*** EXTRACTED DATA ***

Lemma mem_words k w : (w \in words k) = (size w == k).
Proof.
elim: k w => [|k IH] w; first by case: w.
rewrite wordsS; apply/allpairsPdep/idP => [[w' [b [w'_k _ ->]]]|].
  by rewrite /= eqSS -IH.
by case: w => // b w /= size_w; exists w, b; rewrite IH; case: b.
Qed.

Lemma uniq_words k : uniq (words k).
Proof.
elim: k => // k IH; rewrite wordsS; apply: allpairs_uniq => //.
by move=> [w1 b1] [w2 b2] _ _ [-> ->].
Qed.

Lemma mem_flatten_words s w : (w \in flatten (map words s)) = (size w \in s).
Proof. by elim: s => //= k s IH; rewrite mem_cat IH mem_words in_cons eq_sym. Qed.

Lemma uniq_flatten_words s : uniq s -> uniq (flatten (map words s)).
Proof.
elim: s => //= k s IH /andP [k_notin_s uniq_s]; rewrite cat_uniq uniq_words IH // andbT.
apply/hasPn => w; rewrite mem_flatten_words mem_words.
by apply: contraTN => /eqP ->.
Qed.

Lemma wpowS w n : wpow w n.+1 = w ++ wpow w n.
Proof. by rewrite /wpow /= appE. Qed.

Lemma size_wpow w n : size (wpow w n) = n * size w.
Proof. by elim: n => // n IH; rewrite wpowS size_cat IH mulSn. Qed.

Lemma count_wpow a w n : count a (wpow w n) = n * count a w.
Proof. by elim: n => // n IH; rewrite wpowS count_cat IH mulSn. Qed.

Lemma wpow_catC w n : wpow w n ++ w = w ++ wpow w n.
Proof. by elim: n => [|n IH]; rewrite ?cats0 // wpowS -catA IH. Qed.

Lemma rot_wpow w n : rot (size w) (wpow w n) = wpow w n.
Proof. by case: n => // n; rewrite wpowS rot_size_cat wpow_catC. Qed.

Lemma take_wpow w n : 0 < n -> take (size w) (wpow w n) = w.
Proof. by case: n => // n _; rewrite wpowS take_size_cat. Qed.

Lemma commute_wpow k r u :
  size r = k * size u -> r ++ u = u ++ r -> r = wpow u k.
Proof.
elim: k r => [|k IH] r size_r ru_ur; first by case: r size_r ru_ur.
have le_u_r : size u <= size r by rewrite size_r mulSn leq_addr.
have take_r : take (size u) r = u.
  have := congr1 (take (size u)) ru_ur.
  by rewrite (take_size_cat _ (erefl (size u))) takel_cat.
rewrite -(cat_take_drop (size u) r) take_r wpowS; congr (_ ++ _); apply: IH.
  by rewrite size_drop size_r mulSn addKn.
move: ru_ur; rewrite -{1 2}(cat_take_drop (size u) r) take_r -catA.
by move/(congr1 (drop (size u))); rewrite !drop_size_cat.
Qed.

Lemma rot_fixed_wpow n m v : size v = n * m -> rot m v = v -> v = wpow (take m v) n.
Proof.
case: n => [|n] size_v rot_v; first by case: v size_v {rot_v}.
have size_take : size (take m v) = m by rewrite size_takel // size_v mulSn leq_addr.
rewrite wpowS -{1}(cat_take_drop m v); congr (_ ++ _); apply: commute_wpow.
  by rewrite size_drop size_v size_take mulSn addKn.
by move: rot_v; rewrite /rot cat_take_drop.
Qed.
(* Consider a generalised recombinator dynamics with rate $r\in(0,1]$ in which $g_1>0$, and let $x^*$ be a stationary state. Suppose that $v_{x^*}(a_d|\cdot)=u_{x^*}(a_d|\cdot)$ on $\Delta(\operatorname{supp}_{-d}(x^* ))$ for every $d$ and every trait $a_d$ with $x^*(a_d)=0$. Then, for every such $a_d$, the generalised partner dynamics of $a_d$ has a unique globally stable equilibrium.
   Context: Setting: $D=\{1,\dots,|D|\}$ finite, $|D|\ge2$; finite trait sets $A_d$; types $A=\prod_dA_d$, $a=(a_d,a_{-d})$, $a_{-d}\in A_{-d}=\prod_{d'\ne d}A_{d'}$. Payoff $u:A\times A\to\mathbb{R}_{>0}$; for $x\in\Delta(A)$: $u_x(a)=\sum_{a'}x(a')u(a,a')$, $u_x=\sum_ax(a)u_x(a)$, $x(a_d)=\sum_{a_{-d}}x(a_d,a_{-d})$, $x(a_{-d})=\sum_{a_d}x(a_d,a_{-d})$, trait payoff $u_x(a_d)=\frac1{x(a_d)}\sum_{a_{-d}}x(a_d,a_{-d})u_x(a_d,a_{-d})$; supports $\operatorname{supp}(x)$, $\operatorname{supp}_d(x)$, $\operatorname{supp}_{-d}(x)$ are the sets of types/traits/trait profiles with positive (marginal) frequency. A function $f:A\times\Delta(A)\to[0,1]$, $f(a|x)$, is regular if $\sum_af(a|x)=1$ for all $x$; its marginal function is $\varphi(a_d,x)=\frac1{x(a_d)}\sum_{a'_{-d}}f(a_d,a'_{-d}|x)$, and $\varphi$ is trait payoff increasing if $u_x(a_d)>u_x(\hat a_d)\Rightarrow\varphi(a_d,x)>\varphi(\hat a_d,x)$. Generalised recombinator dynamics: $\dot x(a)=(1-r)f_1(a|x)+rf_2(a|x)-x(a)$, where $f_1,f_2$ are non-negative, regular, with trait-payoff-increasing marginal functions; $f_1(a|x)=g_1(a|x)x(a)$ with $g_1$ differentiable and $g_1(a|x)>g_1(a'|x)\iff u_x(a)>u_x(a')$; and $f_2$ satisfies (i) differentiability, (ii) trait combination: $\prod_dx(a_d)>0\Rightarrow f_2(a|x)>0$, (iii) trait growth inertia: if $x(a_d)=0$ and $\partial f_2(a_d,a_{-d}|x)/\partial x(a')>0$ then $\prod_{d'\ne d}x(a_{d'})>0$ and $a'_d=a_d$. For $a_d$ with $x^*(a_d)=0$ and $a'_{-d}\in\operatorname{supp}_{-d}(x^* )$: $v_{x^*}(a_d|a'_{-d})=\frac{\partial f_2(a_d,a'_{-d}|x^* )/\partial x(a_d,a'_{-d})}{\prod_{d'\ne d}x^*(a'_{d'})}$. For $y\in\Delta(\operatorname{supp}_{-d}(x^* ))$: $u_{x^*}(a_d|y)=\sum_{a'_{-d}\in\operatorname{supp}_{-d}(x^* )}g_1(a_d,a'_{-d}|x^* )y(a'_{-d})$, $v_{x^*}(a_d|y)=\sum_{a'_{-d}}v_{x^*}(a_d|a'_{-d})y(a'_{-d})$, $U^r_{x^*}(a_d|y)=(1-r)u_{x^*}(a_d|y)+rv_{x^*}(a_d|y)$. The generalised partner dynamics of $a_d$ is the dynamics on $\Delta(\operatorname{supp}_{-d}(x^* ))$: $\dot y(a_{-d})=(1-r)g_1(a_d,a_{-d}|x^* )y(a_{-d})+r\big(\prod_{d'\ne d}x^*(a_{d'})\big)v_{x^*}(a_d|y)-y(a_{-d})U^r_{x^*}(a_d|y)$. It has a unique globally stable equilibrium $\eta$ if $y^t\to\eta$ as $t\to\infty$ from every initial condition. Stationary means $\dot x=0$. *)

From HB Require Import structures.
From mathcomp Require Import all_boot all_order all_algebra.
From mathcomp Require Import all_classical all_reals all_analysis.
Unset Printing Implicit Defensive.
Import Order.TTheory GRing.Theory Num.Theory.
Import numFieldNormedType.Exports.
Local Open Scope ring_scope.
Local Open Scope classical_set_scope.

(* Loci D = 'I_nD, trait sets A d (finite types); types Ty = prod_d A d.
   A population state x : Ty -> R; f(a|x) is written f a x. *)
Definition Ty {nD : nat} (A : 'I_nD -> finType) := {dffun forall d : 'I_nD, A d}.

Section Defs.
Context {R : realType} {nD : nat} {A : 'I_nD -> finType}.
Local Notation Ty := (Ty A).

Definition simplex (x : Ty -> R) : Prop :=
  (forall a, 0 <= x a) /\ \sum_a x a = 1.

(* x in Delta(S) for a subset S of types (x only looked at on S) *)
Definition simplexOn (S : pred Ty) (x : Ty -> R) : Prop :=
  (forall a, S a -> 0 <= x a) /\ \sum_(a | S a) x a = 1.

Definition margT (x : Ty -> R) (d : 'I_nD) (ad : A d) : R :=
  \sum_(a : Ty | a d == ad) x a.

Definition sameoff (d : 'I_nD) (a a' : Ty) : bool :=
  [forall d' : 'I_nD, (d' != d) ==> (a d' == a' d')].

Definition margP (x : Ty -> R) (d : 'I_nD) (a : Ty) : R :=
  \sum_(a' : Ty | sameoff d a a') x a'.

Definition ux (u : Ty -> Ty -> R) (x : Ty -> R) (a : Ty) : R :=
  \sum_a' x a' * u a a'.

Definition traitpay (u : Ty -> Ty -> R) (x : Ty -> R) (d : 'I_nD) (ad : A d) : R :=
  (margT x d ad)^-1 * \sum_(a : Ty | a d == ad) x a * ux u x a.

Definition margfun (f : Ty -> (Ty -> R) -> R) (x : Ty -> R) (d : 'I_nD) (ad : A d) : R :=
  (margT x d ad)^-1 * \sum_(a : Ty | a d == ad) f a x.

*** End of EXTRACTED DATA ***
*** EXTRACTED DATA ***

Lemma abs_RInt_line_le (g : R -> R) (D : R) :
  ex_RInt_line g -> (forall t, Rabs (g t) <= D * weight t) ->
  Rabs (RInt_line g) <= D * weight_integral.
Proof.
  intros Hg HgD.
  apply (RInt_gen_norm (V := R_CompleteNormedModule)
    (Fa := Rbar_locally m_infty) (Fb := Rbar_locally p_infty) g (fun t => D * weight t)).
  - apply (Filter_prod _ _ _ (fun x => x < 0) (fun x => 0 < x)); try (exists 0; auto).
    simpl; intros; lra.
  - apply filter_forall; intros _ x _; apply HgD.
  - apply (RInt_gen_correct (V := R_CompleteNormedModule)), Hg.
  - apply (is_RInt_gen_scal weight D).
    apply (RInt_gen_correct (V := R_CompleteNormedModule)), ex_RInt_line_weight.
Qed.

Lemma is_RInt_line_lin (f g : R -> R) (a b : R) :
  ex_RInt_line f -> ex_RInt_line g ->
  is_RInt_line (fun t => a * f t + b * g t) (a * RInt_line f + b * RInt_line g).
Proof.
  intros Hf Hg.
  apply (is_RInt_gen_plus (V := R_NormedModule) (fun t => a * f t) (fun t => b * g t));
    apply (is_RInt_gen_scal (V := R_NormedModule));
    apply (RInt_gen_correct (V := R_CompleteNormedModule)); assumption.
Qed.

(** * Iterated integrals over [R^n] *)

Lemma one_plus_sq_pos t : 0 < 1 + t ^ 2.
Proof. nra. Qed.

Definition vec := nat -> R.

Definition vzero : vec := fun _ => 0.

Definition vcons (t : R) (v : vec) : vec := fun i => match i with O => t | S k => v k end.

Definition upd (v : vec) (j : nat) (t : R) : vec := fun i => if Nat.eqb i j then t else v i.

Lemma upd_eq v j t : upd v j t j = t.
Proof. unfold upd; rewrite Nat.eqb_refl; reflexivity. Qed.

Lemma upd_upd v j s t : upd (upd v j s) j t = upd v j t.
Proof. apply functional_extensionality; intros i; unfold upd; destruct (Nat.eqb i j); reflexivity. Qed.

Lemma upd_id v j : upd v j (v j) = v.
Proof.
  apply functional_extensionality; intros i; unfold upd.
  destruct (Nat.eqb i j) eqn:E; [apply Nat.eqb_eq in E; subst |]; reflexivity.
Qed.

*** End of EXTRACTED DATA ***
*** EXTRACTED DATA ***

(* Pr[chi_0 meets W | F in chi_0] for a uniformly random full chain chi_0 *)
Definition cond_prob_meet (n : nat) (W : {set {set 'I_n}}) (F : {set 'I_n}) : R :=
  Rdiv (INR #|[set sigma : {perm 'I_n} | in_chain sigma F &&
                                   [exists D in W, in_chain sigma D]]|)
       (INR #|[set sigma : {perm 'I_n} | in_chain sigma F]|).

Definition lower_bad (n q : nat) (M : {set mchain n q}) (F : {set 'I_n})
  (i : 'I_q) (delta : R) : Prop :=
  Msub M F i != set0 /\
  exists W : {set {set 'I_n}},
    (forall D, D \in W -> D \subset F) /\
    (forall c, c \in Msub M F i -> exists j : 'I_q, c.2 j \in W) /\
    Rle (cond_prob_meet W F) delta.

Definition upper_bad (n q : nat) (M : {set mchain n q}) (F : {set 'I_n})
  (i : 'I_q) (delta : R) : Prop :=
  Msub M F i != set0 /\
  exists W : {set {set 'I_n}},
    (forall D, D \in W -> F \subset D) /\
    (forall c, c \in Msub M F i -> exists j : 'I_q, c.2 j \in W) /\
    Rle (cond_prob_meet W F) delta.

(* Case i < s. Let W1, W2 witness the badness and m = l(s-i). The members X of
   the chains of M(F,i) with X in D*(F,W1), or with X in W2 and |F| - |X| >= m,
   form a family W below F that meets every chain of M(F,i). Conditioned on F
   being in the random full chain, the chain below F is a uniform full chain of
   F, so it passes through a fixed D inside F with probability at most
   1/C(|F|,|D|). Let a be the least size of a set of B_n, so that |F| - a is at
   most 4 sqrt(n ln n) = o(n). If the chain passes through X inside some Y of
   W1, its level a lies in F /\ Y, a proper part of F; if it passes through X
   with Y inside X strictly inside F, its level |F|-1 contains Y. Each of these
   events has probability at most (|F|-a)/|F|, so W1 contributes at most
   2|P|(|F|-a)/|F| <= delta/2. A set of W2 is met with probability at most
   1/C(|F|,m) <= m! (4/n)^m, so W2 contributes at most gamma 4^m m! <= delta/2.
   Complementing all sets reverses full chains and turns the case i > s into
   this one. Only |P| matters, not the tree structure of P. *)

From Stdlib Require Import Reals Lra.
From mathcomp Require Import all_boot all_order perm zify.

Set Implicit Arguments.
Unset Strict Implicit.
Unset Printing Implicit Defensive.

*** End of EXTRACTED DATA ***

• [WHAT THE EXERCISE ASKS]: Gather every line from the listing above in which "first" appears, and copy those lines.

• [RESPONSE BOX]:
elim: k w => [|k IH] w; first by case: w.
elim: k r => [|k IH] r size_r ru_ur; first by case: r size_r ru_ur.
case: n => [|n] size_v rot_v; first by case: v size_v {rot_v}.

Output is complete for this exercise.